The p53-, Bax- and p21-dependent inhibition of colon cancer cell growth by 5-hydroxy polymethoxyflavones

Peiju Qiu, Huashi Guan, Ping Dong, Shiming Li, Chi Tang Ho, Min Hsiung Pan, David Julian Mcclements, Hang Xiao

Research output: Contribution to journalArticlepeer-review

56 Scopus citations

Abstract

Scope: Previously, we reported that 5-hydroxy polymethoxyflavones (5OH-PMFs) isolated from orange, namely 5-hydroxy-6,7,8,3',4'-pentamethoxyflavone, 5-hydroxy-3,6,7,8,3',4'-hexamethoxyflavone (5HHMF) and 5-hydroxy-6,7,8,4'-tetramethoxyflavone (5HTMF), potently induced apoptosis and cell-cycle arrest in multiple human colon cancer cells. Herein, using isogenic variants of HCT116 human colon cancer cells, we investigated the effects of p53, Bax and p21 on the apoptosis and cell-cycle arrest induced by different 5OH-PMFs.
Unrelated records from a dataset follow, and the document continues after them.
(* Let $X$ be an infinite dimensional separable Banach space and $T:X\to X$ a continuous linear operator. The following are equivalent: (1) for every $\delta>0$, $(X,T)$ is transitively sensitive with sensitive constant $\delta$; (2) there exists $\delta_0>0$ such that $(X,T)$ is transitively sensitive with sensitive constant $\delta_0$; (3) there exists $\delta_0>0$ such that $S_T(W_0,\delta_0)\cap N_T(U,V)\neq\varnothing$ for all nonempty open $U,V\subset X$ and every neighbourhood $W_0$ of $0$.
   Context: $N_T(U,V)=\{n\in\mathbb{Z}_+:U\cap T^{-n}V\neq\varnothing\}$ and $S_T(W,\delta)=\{n\in\mathbb{Z}_+:\exists x_1,x_2\in W,\ \|T^nx_1-T^nx_2\|>\delta\}$. $(X,T)$ is transitively sensitive with sensitive constant $\delta$ if $S_T(W,\delta)\cap N_T(U,V)\neq\varnothing$ for all nonempty open $U,V,W\subset X$. *)

From HB Require Import structures.
From mathcomp Require Import all_boot all_order all_algebra.
From mathcomp Require Import all_classical all_reals all_analysis.
Set Implicit Arguments. Unset Strict Implicit. Unset Printing Implicit Defensive.
Import Order.TTheory GRing.Theory Num.Theory.
Import numFieldNormedType.Exports.
Local Open Scope classical_set_scope.
Local Open Scope ring_scope.

Section Defs.
Variables (R : realType) (X : normedModType R).

Definition N_T (T : X -> X) (U V : set X) : set nat :=
  [set n | U `&` (iter n T) @^-1` V !=set0].

Definition S_T (T : X -> X) (W : set X) (delta : R) : set nat :=
  [set n | exists x1 x2, W x1 /\ W x2 /\ delta < `|iter n T x1 - iter n T x2|].

Definition transitively_sensitive (T : X -> X) (delta : R) : Prop :=
  forall U V W : set X, open U -> U !=set0 -> open V -> V !=set0 ->
    open W -> W !=set0 -> S_T T W delta `&` N_T T U V !=set0.

Definition separable_space : Prop :=
  exists D : set X, countable D /\ dense D.

Definition infinite_dimensional : Prop :=
  forall (n : nat) (v : 'I_n -> X), exists x : X,
    forall c : 'I_n -> R, x <> \sum_(i < n) c i *: v i.
End Defs.

From HB Require Import structures.
From mathcomp Require Import all_boot all_order all_algebra.
From mathcomp Require Import all_classical all_reals all_analysis.
Import Order.TTheory GRing.Theory Num.Theory.
Import numFieldNormedType.Exports.
Local Open Scope classical_set_scope.
Local Open Scope ring_scope.

(* Sensitivity of a linear map is invariant under
   the affine maps y |-> w + c y: they send the difference of two orbits to c
   times a difference of orbits, so a ball around 0 witnessing sensitivity with
   constant delta0 becomes a ball around any w witnessing constant c * delta0.
   Hence the sensitive constant can be rescaled at will, and neighbourhoods of
   0 are as good as arbitrary open sets. *)

Section LinearSensitivity.
Context {R : realType} {X : normedModType R} (T : {linear X -> X}).

Definition sensitive_at_zero (delta : R) : Prop :=
  forall U V W0 : set X, open U -> U !=set0 -> open V -> V !=set0 ->
    nbhs (0 : X) W0 -> S_T T W0 delta `&` N_T T U V !=set0.

Lemma iter_linearD n (x y : X) : iter n T (x + y) = iter n T x + iter n T y.
Proof. by elim: n => //= n ->; rewrite linearD. Qed.

Lemma iter_linearZ n (c : R) (x : X) : iter n T (c *: x) = c *: iter n T x.
Proof. by elim: n => //= n ->; rewrite linearZ. Qed.

Lemma S_T_sub {W W' : set X} {delta : R} :
  W `<=` W' -> S_T T W delta `<=` S_T T W' delta.
Proof. by move=> sWW' n [x1 [x2 [W1 [W2 lt12]]]]; exists x1, x2; split; [|split]; auto. Qed.

Lemma S_T_affine {W : set X} (w : X) {c delta : R} : 0 < c ->
  S_T T W delta `<=` S_T T [set w + c *: y | y in W] (c * delta).
Proof.
move=> c_gt0 n [y1 [y2 [W1 [W2 lt12]]]].
exists (w + c *: y1), (w + c *: y2); split; [by exists y1|split; first by exists y2].
have -> : iter n T (w + c *: y1) - iter n T (w + c *: y2) =
          c *: (iter n T y1 - iter n T y2).
  by rewrite !iter_linearD !iter_linearZ opprD addrACA subrr add0r scalerBr.
by rewrite normrZ gtr0_norm // ltr_pM2l.
Qed.

Lemma affine_ball_sub (w : X) (r : R) {c : R} : 0 < c ->
  [set w + c *: y | y in ball (0 : X) (r / c)] `<=` ball w r.
Proof.
move=> c_gt0 _ [y y_small <-]; move: y_small.
rewrite -!ball_normE /= sub0r normrN opprD addrA subrr sub0r normrN normrZ.
by rewrite gtr0_norm // ltr_pdivlMr // mulrC.
Qed.

Lemma transitively_sensitive_at_zero {delta : R} :
  transitively_sensitive T delta -> sensitive_at_zero delta.
Proof.
move=> sensT U V W0 oU U0 oV V0 /nbhs_ballP[e e_gt0 ballW0].
have [n [Sn Nn]] :=
  sensT U V _ oU U0 oV V0 (ball_open 0 e) (ex_intro _ 0 (ballxx _ e_gt0)).
by exists n; split => //; exact: S_T_sub ballW0 _ Sn.
Qed.

Lemma sensitive_at_zero_rescale {delta0 delta : R} : 0 < delta0 -> 0 < delta ->
  sensitive_at_zero delta0 -> transitively_sensitive T delta.
Proof.
move=> delta0_gt0 delta_gt0 sens0 U V W oU U0 oV V0 oW [w Ww].
have /nbhs_ballP[r r_gt0 ballW] : nbhs w W by move: oW; rewrite openE; exact.
pose c := delta / delta0.
have c_gt0 : 0 < c by rewrite divr_gt0.
have [n [Sn Nn]] := sens0 U V _ oU U0 oV V0 (nbhsx_ballx 0 _ (divr_gt0 r_gt0 c_gt0)).
exists n; split => //.
rewrite -[delta](divfK (lt0r_neq0 delta0_gt0)) -/c.
exact: S_T_sub (subset_trans (affine_ball_sub w r c_gt0) ballW) _ (S_T_affine w c_gt0 _ Sn).
Qed.

End LinearSensitivity.

Theorem proposition7p3 (R : realType) (X : completeNormedModType R)
    (T : {linear X -> X}) :
  infinite_dimensional X -> separable_space X -> continuous T ->
  [/\ ((forall delta : R, 0 < delta -> transitively_sensitive T delta) <->
       (exists delta0 : R, 0 < delta0 /\ transitively_sensitive T delta0)),
      ((exists delta0 : R, 0 < delta0 /\ transitively_sensitive T delta0) <->
       (exists delta0 : R, 0 < delta0 /\
          forall U V W0 : set X, open U -> U !=set0 -> open V -> V !=set0 ->
            nbhs (0 : X) W0 -> S_T T W0 delta0 `&` N_T T U V !=set0)) &
      ((forall delta : R, 0 < delta -> transitively_sensitive T delta) <->
       (exists delta0 : R, 0 < delta0 /\
          forall U V W0 : set X, open U -> U !=set0 -> open V -> V !=set0 ->
            nbhs (0 : X) W0 -> S_T T W0 delta0 `&` N_T T U V !=set0))].
Proof.
move=> _ _ _; split; split.
- by move=> ts_all; exists 1; split; [exact: ltr01 | exact (ts_all 1 ltr01)].
- move=> [d0 [d0_gt0 ts0]] d d_gt0.
  exact (sensitive_at_zero_rescale T d0_gt0 d_gt0 (transitively_sensitive_at_zero T ts0)).
- move=> [d0 [d0_gt0 ts0]]; exists d0.
  split; [exact: d0_gt0 | exact (transitively_sensitive_at_zero T ts0)].
- move=> [d0 [d0_gt0 s0]]; exists d0.
  split; [exact: d0_gt0 | exact (sensitive_at_zero_rescale T d0_gt0 d0_gt0 s0)].
- move=> ts_all; exists 1.
  split; [exact: ltr01 | exact (transitively_sensitive_at_zero T (ts_all 1 ltr01))].
- move=> [d0 [d0_gt0 s0]] d d_gt0.
  exact (sensitive_at_zero_rescale T d0_gt0 d_gt0 s0).
Qed.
Methods and results: Annexin V/PI co-staining assay demonstrated that 5HHMF and 5HTMF significantly induced apoptosis in HCT116 (p53+/+) cells but not in HCT116 (p53-/-) cells. Furthermore, 5HHMF and 5HTMF significantly induced apoptosis in HCT116 (Bax+/-) cells, whereas their pro-apoptotic effects on HCT116 (Bax-/-) cells were marginal. All three 5OH-PMFs increased G0/G1 cell population of HCT116 (p53+/+) cells, and these effects were abolished in HCT116 (p53-/-) and HCT116 (p21-/-) cells. Immunoblotting analysis showed that 5HHMF and 5HTMF increased the levels of cleaved caspase-3, cleaved PARP in both HCT116 (p53+/+) and HCT116 (Bax+/-) cells and these effects were much weaker in HCT116 (p53-/-) and HCT116 (Bax-/-) cells. Conclusion: Our results demonstrated that 5OH-PMFs, especially 5HHMF and 5HTMF, induce apoptosis and cell-cycle arrest by p53-, Bax- and p21-dependent mechanism.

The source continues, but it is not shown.